_EXERCISE:_
Among the entries below, one line contains "forall M : 'I_n" and another contains "2) != (val y == 2)).". Transcribe those two lines and every line between them, exactly.

_DATA FOR PROCESSING:_
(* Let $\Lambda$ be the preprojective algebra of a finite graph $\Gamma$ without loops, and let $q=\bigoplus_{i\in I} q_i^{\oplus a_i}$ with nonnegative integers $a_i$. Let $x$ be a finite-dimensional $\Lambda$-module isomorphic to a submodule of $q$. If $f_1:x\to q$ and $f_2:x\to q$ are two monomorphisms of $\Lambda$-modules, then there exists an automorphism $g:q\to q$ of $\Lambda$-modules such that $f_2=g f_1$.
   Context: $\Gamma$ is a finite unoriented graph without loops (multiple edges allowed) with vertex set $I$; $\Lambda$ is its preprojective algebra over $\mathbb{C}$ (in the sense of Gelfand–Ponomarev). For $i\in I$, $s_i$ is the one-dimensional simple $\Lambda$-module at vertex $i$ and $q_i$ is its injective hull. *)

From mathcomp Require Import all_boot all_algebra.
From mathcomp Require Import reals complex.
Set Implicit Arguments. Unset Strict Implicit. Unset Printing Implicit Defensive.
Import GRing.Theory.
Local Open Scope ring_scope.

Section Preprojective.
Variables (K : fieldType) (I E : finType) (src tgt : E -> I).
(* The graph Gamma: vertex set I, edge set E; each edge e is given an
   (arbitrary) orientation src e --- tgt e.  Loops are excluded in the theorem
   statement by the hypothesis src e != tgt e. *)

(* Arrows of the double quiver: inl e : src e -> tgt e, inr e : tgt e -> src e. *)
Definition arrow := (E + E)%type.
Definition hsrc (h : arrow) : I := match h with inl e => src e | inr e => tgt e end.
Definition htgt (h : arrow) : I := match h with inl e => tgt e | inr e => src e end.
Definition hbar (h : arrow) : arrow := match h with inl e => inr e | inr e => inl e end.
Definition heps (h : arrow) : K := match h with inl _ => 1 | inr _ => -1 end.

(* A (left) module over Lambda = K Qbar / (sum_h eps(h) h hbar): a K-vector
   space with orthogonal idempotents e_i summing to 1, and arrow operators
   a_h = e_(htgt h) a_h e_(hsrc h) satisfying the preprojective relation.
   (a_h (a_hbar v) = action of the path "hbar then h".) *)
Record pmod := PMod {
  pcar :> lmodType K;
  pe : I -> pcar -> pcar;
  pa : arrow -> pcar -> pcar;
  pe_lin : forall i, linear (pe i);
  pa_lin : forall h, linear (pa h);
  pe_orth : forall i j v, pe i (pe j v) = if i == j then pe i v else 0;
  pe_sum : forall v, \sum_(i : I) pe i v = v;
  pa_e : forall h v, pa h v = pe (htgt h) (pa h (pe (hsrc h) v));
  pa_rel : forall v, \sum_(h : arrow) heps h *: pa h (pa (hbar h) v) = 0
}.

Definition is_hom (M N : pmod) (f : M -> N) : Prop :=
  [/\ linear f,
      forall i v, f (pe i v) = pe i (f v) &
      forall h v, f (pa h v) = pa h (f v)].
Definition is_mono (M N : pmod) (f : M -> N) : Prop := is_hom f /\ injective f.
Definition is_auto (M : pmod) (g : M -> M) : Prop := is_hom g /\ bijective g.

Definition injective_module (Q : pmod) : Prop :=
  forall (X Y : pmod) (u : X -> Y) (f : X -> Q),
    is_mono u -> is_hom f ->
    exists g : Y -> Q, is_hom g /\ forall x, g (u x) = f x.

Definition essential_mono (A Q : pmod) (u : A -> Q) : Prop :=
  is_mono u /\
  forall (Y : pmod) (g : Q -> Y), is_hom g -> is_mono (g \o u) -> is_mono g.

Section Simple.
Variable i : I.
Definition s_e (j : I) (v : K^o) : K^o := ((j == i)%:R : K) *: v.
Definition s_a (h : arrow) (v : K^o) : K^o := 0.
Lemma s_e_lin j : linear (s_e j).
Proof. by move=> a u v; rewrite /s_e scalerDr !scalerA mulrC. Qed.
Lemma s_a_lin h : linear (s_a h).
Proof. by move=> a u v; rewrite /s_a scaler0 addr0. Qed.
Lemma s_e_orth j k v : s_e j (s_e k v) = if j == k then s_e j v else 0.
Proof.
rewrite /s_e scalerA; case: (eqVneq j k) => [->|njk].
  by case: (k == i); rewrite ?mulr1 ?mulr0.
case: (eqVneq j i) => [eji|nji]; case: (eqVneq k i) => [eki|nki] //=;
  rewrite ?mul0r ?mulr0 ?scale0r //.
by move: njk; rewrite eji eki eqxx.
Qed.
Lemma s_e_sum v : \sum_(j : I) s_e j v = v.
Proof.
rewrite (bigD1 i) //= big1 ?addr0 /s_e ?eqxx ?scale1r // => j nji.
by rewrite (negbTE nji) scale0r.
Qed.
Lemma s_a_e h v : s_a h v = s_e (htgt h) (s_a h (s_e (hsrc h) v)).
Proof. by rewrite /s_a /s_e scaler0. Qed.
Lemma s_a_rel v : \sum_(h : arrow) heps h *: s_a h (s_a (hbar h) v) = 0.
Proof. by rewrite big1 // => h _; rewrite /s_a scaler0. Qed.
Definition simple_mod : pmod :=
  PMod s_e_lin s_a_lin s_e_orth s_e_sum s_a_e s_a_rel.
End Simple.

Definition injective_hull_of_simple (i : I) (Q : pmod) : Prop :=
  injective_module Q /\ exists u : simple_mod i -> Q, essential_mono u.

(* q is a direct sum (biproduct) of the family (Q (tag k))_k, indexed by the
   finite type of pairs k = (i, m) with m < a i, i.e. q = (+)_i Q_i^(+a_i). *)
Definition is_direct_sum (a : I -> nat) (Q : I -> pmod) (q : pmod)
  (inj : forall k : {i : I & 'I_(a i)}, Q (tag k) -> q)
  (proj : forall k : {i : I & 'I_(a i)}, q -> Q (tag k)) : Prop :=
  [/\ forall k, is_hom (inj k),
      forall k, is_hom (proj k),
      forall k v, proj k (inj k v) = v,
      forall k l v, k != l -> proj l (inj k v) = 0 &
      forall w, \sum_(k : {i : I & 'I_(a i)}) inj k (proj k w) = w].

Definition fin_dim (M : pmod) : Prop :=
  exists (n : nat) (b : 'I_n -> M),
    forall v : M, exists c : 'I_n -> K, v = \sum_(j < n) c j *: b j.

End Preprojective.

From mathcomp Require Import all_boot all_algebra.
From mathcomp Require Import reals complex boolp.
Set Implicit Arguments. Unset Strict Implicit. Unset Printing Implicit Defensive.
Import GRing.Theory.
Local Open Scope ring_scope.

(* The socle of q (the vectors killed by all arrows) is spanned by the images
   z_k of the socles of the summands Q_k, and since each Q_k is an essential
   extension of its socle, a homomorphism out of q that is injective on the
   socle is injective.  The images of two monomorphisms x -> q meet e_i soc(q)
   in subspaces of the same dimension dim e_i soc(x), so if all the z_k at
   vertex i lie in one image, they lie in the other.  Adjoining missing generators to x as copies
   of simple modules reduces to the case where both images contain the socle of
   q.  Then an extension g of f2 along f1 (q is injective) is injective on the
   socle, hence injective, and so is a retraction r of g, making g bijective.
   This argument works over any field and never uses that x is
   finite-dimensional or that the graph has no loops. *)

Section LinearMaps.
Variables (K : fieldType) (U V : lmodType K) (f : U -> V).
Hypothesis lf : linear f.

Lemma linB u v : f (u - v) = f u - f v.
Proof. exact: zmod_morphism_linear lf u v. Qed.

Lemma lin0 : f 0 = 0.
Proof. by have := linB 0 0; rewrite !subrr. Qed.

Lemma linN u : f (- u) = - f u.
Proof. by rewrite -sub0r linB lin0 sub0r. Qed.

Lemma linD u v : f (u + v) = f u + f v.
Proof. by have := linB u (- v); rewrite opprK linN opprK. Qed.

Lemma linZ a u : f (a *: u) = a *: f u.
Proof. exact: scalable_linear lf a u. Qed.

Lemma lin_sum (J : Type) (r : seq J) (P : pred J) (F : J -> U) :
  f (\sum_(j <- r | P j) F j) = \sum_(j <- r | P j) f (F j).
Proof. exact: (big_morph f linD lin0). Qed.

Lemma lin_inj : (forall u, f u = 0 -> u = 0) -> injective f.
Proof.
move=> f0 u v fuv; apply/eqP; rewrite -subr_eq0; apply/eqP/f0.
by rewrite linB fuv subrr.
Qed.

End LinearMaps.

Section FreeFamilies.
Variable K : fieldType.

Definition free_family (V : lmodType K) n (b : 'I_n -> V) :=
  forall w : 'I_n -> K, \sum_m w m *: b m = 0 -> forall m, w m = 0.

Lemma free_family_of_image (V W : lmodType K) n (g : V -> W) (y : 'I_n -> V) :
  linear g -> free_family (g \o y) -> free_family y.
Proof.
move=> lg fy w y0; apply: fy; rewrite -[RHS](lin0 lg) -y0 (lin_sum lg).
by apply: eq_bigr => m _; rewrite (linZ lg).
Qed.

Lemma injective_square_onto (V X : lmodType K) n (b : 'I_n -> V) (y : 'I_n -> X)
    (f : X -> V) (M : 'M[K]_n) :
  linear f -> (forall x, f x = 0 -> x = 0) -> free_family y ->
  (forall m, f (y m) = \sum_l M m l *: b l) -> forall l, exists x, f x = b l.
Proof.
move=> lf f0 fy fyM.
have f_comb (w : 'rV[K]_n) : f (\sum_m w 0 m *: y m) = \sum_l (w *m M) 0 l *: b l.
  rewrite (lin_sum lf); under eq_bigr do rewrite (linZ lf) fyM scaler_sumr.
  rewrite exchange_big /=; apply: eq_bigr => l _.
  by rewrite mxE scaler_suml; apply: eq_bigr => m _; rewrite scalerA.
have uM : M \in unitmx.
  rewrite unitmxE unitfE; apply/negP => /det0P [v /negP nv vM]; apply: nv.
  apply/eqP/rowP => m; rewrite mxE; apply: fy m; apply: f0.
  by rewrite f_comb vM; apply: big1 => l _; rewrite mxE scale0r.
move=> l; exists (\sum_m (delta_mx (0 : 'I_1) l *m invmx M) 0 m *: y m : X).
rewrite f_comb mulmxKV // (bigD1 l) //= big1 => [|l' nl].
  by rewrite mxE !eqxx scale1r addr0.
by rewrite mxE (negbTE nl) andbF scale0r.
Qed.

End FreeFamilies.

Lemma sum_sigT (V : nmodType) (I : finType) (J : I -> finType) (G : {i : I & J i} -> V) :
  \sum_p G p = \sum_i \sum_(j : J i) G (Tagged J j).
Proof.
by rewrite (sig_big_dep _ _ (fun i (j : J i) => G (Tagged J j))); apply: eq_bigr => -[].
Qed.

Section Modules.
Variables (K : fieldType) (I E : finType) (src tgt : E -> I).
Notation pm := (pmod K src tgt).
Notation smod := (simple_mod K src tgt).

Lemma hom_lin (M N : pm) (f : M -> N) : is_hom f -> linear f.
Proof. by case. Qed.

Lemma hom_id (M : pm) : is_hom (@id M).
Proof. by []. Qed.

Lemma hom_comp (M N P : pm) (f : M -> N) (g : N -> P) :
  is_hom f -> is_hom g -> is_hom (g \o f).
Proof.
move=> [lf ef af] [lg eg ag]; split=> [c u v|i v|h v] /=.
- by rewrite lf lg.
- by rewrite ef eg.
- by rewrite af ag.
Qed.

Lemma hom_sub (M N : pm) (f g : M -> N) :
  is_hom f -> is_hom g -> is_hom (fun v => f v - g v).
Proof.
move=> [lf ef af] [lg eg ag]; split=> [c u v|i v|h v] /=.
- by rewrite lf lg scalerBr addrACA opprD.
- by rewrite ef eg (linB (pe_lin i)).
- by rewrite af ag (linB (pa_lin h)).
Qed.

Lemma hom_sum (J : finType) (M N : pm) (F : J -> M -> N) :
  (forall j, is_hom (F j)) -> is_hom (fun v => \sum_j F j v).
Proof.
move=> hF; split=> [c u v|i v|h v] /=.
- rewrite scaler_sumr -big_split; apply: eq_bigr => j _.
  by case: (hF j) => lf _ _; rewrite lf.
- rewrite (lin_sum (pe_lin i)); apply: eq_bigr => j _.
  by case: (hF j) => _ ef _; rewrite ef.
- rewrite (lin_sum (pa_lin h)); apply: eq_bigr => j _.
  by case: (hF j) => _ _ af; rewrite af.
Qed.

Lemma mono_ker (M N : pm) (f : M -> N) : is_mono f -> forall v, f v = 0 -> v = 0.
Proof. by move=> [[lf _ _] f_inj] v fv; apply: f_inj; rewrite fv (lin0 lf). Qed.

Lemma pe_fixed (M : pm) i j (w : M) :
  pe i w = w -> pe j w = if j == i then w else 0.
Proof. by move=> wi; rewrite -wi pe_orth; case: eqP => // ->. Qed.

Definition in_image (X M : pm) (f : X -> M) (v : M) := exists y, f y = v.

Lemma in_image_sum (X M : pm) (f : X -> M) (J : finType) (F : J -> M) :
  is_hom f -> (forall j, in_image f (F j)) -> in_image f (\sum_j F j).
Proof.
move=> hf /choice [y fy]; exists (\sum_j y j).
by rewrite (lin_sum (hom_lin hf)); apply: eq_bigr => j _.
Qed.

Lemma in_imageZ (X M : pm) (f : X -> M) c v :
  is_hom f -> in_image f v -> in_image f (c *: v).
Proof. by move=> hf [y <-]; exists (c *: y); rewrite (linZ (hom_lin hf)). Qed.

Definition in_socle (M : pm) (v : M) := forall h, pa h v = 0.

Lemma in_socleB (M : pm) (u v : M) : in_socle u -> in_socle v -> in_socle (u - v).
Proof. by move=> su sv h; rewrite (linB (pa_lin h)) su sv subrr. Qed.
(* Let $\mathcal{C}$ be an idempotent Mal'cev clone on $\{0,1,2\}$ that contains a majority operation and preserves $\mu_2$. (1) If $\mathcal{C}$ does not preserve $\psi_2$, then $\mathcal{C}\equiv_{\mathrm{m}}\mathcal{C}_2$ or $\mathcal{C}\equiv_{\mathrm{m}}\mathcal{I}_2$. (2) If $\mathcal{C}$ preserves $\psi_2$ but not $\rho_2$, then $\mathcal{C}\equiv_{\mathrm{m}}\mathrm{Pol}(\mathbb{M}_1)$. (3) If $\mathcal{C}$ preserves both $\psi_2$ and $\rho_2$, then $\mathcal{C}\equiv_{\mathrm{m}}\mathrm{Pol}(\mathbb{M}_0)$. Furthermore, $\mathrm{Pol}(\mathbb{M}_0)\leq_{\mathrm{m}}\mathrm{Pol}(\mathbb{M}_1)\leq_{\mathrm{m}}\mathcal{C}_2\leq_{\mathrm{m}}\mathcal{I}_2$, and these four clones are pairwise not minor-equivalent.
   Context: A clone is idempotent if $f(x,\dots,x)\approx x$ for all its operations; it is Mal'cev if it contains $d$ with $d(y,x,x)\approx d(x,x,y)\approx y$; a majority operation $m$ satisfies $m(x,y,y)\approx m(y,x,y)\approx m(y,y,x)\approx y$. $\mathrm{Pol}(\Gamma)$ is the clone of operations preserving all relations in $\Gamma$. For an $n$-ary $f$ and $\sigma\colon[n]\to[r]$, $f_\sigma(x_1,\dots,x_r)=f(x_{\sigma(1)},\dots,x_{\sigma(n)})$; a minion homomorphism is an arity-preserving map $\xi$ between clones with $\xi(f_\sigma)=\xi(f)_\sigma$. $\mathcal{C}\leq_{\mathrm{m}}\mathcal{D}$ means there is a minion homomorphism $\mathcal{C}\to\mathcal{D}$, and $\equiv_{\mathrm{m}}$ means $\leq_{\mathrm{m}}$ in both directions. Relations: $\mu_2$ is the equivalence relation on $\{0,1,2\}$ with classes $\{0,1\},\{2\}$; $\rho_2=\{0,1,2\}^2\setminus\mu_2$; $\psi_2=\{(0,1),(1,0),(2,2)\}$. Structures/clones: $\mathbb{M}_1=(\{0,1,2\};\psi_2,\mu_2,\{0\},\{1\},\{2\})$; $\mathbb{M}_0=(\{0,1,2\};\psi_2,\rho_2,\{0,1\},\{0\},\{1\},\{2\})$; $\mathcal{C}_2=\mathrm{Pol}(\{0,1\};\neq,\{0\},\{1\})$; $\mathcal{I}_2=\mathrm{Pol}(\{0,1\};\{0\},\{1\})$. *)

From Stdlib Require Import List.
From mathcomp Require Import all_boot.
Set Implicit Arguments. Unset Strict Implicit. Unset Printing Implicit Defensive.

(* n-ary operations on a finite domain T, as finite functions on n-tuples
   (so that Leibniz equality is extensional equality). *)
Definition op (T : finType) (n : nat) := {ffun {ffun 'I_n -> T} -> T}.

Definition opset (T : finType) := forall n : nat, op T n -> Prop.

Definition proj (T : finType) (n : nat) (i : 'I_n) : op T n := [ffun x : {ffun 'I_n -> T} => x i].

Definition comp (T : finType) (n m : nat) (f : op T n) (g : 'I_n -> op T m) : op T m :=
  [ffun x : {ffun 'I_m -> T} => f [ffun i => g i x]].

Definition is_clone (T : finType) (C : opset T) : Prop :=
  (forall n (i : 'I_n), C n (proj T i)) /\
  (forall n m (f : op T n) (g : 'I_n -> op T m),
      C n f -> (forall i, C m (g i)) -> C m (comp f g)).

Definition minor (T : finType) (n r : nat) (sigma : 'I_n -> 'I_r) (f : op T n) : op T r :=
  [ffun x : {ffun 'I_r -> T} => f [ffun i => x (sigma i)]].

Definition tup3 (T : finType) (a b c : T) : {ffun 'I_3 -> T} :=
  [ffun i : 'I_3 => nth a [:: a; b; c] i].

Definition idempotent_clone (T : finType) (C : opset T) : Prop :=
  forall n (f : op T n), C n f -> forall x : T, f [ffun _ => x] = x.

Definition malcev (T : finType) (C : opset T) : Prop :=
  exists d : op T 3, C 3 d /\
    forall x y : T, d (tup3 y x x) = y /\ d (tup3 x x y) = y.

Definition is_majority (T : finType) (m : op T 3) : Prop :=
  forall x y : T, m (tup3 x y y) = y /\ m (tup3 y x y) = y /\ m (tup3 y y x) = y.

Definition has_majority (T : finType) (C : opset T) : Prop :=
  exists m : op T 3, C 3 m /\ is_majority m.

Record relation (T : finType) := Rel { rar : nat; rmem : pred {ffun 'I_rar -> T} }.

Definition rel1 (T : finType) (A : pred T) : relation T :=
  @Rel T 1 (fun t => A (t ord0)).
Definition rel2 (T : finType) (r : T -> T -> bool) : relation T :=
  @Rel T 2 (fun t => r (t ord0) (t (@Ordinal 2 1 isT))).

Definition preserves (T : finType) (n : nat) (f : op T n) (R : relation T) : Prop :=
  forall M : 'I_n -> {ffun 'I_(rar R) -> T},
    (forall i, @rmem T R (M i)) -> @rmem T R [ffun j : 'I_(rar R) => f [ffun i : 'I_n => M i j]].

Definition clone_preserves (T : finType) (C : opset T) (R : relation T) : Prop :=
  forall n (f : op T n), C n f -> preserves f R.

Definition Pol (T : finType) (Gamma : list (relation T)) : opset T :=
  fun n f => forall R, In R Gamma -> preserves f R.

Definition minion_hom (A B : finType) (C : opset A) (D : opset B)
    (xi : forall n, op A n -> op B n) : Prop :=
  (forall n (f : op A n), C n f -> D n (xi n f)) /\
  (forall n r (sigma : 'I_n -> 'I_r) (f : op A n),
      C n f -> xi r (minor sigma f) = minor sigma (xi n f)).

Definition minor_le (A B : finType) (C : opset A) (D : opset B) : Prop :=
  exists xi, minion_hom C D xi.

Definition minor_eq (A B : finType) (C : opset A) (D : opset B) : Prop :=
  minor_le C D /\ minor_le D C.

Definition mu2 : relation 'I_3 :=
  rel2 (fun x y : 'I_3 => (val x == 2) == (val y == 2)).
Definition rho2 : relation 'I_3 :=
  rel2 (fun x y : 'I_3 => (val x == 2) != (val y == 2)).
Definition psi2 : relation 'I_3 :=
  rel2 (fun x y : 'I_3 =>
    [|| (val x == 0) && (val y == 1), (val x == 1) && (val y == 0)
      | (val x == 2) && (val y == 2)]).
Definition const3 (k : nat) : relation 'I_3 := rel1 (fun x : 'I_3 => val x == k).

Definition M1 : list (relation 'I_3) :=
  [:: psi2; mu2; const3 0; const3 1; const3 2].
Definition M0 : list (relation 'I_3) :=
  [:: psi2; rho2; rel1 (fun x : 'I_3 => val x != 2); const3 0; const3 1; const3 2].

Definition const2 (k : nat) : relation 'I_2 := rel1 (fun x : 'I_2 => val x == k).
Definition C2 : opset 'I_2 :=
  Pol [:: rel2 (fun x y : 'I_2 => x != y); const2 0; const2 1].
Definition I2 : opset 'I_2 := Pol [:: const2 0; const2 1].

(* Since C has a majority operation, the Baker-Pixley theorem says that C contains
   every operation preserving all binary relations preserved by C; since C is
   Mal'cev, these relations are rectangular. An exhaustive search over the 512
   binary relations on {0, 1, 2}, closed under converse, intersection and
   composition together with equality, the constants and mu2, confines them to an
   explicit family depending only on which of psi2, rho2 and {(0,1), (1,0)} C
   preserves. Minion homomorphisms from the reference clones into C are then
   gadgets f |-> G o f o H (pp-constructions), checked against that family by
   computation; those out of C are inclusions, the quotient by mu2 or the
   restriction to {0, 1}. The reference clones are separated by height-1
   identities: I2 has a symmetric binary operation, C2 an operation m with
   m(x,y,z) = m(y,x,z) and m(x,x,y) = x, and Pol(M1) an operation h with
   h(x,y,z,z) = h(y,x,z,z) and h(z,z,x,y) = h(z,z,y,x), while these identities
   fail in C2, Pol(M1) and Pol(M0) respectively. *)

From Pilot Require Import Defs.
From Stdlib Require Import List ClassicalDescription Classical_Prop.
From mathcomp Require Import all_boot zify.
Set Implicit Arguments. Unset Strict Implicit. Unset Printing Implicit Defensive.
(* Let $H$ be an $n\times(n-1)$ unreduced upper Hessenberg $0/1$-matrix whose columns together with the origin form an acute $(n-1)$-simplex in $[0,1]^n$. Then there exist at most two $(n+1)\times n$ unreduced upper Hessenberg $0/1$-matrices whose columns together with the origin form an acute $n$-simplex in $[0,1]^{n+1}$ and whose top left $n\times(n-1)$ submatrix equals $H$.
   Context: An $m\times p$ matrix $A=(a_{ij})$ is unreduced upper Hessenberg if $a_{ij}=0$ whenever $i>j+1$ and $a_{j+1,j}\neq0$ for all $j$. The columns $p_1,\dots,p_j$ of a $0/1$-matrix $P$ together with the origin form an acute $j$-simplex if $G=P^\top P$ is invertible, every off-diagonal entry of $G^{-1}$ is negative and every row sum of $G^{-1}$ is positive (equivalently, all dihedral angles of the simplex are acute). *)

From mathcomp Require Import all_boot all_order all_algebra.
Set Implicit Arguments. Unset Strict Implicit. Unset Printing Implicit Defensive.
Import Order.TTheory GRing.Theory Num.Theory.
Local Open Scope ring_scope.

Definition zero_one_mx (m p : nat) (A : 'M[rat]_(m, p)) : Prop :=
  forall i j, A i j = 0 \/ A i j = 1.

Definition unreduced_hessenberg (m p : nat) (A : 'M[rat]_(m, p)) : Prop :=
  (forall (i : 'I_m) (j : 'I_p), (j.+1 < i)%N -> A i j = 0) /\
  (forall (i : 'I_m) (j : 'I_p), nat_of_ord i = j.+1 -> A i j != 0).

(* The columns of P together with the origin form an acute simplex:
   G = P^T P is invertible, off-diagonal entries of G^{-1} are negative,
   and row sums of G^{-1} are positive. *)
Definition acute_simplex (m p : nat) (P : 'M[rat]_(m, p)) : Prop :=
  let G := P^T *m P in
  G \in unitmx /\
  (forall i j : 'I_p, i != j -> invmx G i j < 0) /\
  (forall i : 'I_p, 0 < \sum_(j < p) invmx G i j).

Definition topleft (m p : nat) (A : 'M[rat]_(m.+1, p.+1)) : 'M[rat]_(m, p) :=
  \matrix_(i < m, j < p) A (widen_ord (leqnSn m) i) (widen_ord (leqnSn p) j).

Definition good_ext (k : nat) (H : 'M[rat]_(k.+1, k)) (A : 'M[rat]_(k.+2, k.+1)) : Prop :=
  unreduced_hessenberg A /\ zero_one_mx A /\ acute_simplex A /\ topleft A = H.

_EXPECTED ANSWER:_
  forall M : 'I_n -> {ffun 'I_(rar R) -> T},
    (forall i, @rmem T R (M i)) -> @rmem T R [ffun j : 'I_(rar R) => f [ffun i : 'I_n => M i j]].

Definition clone_preserves (T : finType) (C : opset T) (R : relation T) : Prop :=
  forall n (f : op T n), C n f -> preserves f R.

Definition Pol (T : finType) (Gamma : list (relation T)) : opset T :=
  fun n f => forall R, In R Gamma -> preserves f R.

Definition minion_hom (A B : finType) (C : opset A) (D : opset B)
    (xi : forall n, op A n -> op B n) : Prop :=
  (forall n (f : op A n), C n f -> D n (xi n f)) /\
  (forall n r (sigma : 'I_n -> 'I_r) (f : op A n),
      C n f -> xi r (minor sigma f) = minor sigma (xi n f)).

Definition minor_le (A B : finType) (C : opset A) (D : opset B) : Prop :=
  exists xi, minion_hom C D xi.

Definition minor_eq (A B : finType) (C : opset A) (D : opset B) : Prop :=
  minor_le C D /\ minor_le D C.

Definition mu2 : relation 'I_3 :=
  rel2 (fun x y : 'I_3 => (val x == 2) == (val y == 2)).
Definition rho2 : relation 'I_3 :=
  rel2 (fun x y : 'I_3 => (val x == 2) != (val y == 2)).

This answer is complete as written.